You should have a look into ipset
.
From the official website:
Ipset may be the proper tool for you [...] to store multiple IP addresses or port numbers and match against the collection by iptables.
[...] (Ipset) may store IP addresses, networks, (TCP/UDP) port numbers, MAC addresses, interface names or combinations of them in a way, which ensures lightning speed when matching an entry against a set.
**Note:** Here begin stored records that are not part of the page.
(* Elements of M (x) N are represented by finite lists of pure tensors
   [:: (m1,n1); ...] standing for m1 (x) n1 + ...; two lists represent the
   same element iff every bilinear map takes the same value on them
   (universal property of the tensor product). Same for M (x) N (x) O. *)
Definition tensor_eq (M N : lmodType k) (s t : seq (M * N)) : Prop :=
  forall (P : lmodType k) (b : M -> N -> P), kbilinear b ->
    \sum_(p <- s) b p.1 p.2 = \sum_(p <- t) b p.1 p.2.
Definition tensor3_eq (M N O : lmodType k) (s t : seq (M * N * O)) : Prop :=
  forall (P : lmodType k) (b : M -> N -> O -> P), ktrilinear b ->
    \sum_(p <- s) b p.1.1 p.1.2 p.2 = \sum_(p <- t) b p.1.1 p.1.2 p.2.

(* finitely generated projective = direct summand of some k^n *)
Definition fg_projective (M : lmodType k) : Prop :=
  exists n (f : 'rV[k]_n -> M) (g : M -> 'rV[k]_n),
    klinear f /\ klinear g /\ cancel g f.
Definition free_of_rank (M : lmodType k) (n : nat) : Prop :=
  exists f : 'rV[k]_n -> M, klinear f /\ bijective f.
Definition fgproj_free : Prop :=
  forall M : lmodType k, fg_projective M -> exists n, free_of_rank M n.

Section Cat.
Variables (X : Type) (A : X -> X -> lmodType k).
(* composition m_{xyz} (as a bilinear map), units j_x(1) = unit x *)
Variables (m : forall x y z, A x y -> A y z -> A x z) (unit : forall x, A x x).
Variables (delta : forall x y, A x y -> seq (A x y * A x y))
          (eps : forall x y, A x y -> k).

Definition is_kcategory : Prop :=
  [/\ forall x y z, kbilinear (@m x y z),
      forall x y z w (a : A x y) (b : A y z) (c : A z w),
        m (m a b) c = m a (m b c),
      forall x y (a : A x y), m (unit x) a = a &
      forall x y (a : A x y), m a (unit y) = a].

Definition is_coalgebra (M : lmodType k) (d : M -> seq (M * M)) (e : M -> k)
  : Prop :=
  [/\ forall (c : k) (a b : M),
        tensor_eq (d (c *: a + b))
          ([seq (c *: p.1, p.2) | p <- d a] ++ d b),
      kform e,
      forall a, tensor3_eq
        [seq (q.1, q.2, p.2) | p <- d a, q <- d p.1]
        [seq (p.1, q.1, q.2) | p <- d a, q <- d p.2],
      forall a, \sum_(p <- d a) e p.1 *: p.2 = a &
      forall a, \sum_(p <- d a) e p.2 *: p.1 = a].

Definition is_semiHopf_category : Prop :=
  [/\ is_kcategory /\ forall x y, is_coalgebra (@delta x y) (@eps x y),
      forall x y z (a : A x y) (b : A y z),
        tensor_eq (delta (m a b))
          [seq (m p.1 q.1, m p.2 q.2) | p <- delta a, q <- delta b],
      forall x y z (a : A x y) (b : A y z), eps (m a b) = eps a * eps b,
      forall x, tensor_eq (delta (unit x)) [:: (unit x, unit x)] &
      forall x, eps (unit x) = 1].

Definition is_right_antipode (s : forall x y, A x y -> A y x) : Prop :=
  (forall x y, klinear (@s x y)) /\
  forall x y (a : A x y),
    \sum_(p <- delta a) m p.1 (s _ _ p.2) = eps a *: unit x.

Definition is_left_antipode (s : forall x y, A x y -> A y x) : Prop :=
  (forall x y, klinear (@s x y)) /\
  forall x y (a : A x y),
    \sum_(p <- delta a) m (s _ _ p.1) p.2 = eps a *: unit y.

Definition is_antipode s := is_right_antipode s /\ is_left_antipode s.

Definition is_Hopf_category : Prop :=
  is_semiHopf_category /\ exists s, is_antipode s.

End Cat.
End Defs.

From HB Require Import structures.
From mathcomp Require Import all_boot all_order all_algebra.
From Stdlib Require Import FunctionalExtensionality Classical.
Set Implicit Arguments. Unset Strict Implicit. Unset Printing Implicit Defensive.
Import GRing.Theory.
Local Open Scope ring_scope.

(* Fix objects x, y and consider the two k-linear operators
     L : Hom(A_xy, A_yy) -> Hom(A_xy, A_xy),   L g a = sum a(1) g(a(2)),
     S : Hom(A_xy, A_xy) -> Hom(A_xy, A_yy),   S h a = sum s(a(1)) h(a(2)).
   Coassociativity and the right antipode axiom give L (S h) = h, so S is a
   right inverse of L.  When A_xy and A_yy are free of the same rank n, both
   Hom-modules are free of rank n*n; in coordinates L and S become
   endomorphisms of k^(n*n) with L o S = id, and over a commutative ring this
   forces S o L = id (a square matrix with a right inverse is invertible).
   Applying S o L = id to g = eps(-) 1_y, for which L g = id, yields
   S id = eps(-) 1_y, i.e. the left antipode identity on A_xy.  If A_xy = 0
   that identity holds trivially. *)

Section LinearMaps.
Variable k : comPzRingType.

Lemma klinear0 (M N : lmodType k) (f : M -> N) : klinear f -> f 0 = 0.
Proof.
move=> Hf; have := Hf 1 0 0; rewrite !scale1r addr0.
by move=> /(congr1 (fun t => t - f 0)) /=; rewrite subrr addrK => <-.
Qed.

Lemma klinearD (M N : lmodType k) (f : M -> N) :
  klinear f -> forall u v, f (u + v) = f u + f v.
Proof. by move=> Hf u v; have := Hf 1 u v; rewrite !scale1r. Qed.

Lemma klinearZ (M N : lmodType k) (f : M -> N) :
  klinear f -> forall c u, f (c *: u) = c *: f u.
Proof. by move=> Hf c u; have := Hf c u 0; rewrite !addr0 (klinear0 Hf) addr0. Qed.

Lemma klinear_sum (M N : lmodType k) (f : M -> N) : klinear f ->
  forall I (r : seq I) (F : I -> M),
    f (\sum_(i <- r) F i) = \sum_(i <- r) f (F i).
Proof. by move=> Hf I r F; apply: (big_morph f (klinearD Hf) (klinear0 Hf)). Qed.

Lemma klinear_comp (M N P : lmodType k) (f : M -> N) (g : N -> P) :
  klinear f -> klinear g -> klinear (fun u => g (f u)).
Proof. by move=> Hf Hg c u v; rewrite Hf Hg. Qed.

Lemma kform0 (M : lmodType k) (f : M -> k) : kform f -> f 0 = 0.
Proof.
move=> Hf; have := Hf 1 0 0; rewrite !scale1r addr0 mul1r.
by move=> /(congr1 (fun t => t - f 0)) /=; rewrite subrr addrK => <-.
Qed.

Lemma klinear_mulmx n p (M : 'M[k]_(n, p)) : klinear (fun u : 'rV[k]_n => u *m M).
Proof. by move=> c u v; rewrite mulmxDl scalemxAl. Qed.

Lemma free_coordinates (V : lmodType k) n (f : 'rV[k]_n -> V) :
  klinear f -> bijective f ->
  exists g, [/\ klinear g, cancel f g & cancel g f].
Proof.
move=> Hf [g fg gf]; exists g; split => // c u v.
by rewrite -{1}(gf u) -{1}(gf v) -Hf fg.
Qed.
To use it, you need to create an ipset
, add the IPs
and create an iptables
rule to match with the ipset
:
ipset create blacklist hash:ip hashsize 1400000
ipset add blacklist <IP-ADDRESS>
iptables -I INPUT -m set --match-set blacklist src -j DROP
A real life example of usage can be found here. Notice that it uses ipset restore
instead of going through each IP
in a loop because it’s much more faster.
If your list of IPs
has overlaps, you may want to preprocess it to convert to IP ranges
where possible. Here is an example of a tool to do it. It won't get you better performances with ipset
but it will reduce the size of your list.
On a side note, in term of performances, it is very fast and scale without penalty. As the Cloudflare
's blog mention, there are faster low level approaches; but it's much more complex and only adds a few bytes per seconds, which, unless you have the scale and ambition of a cloud provider, are not worth the effort.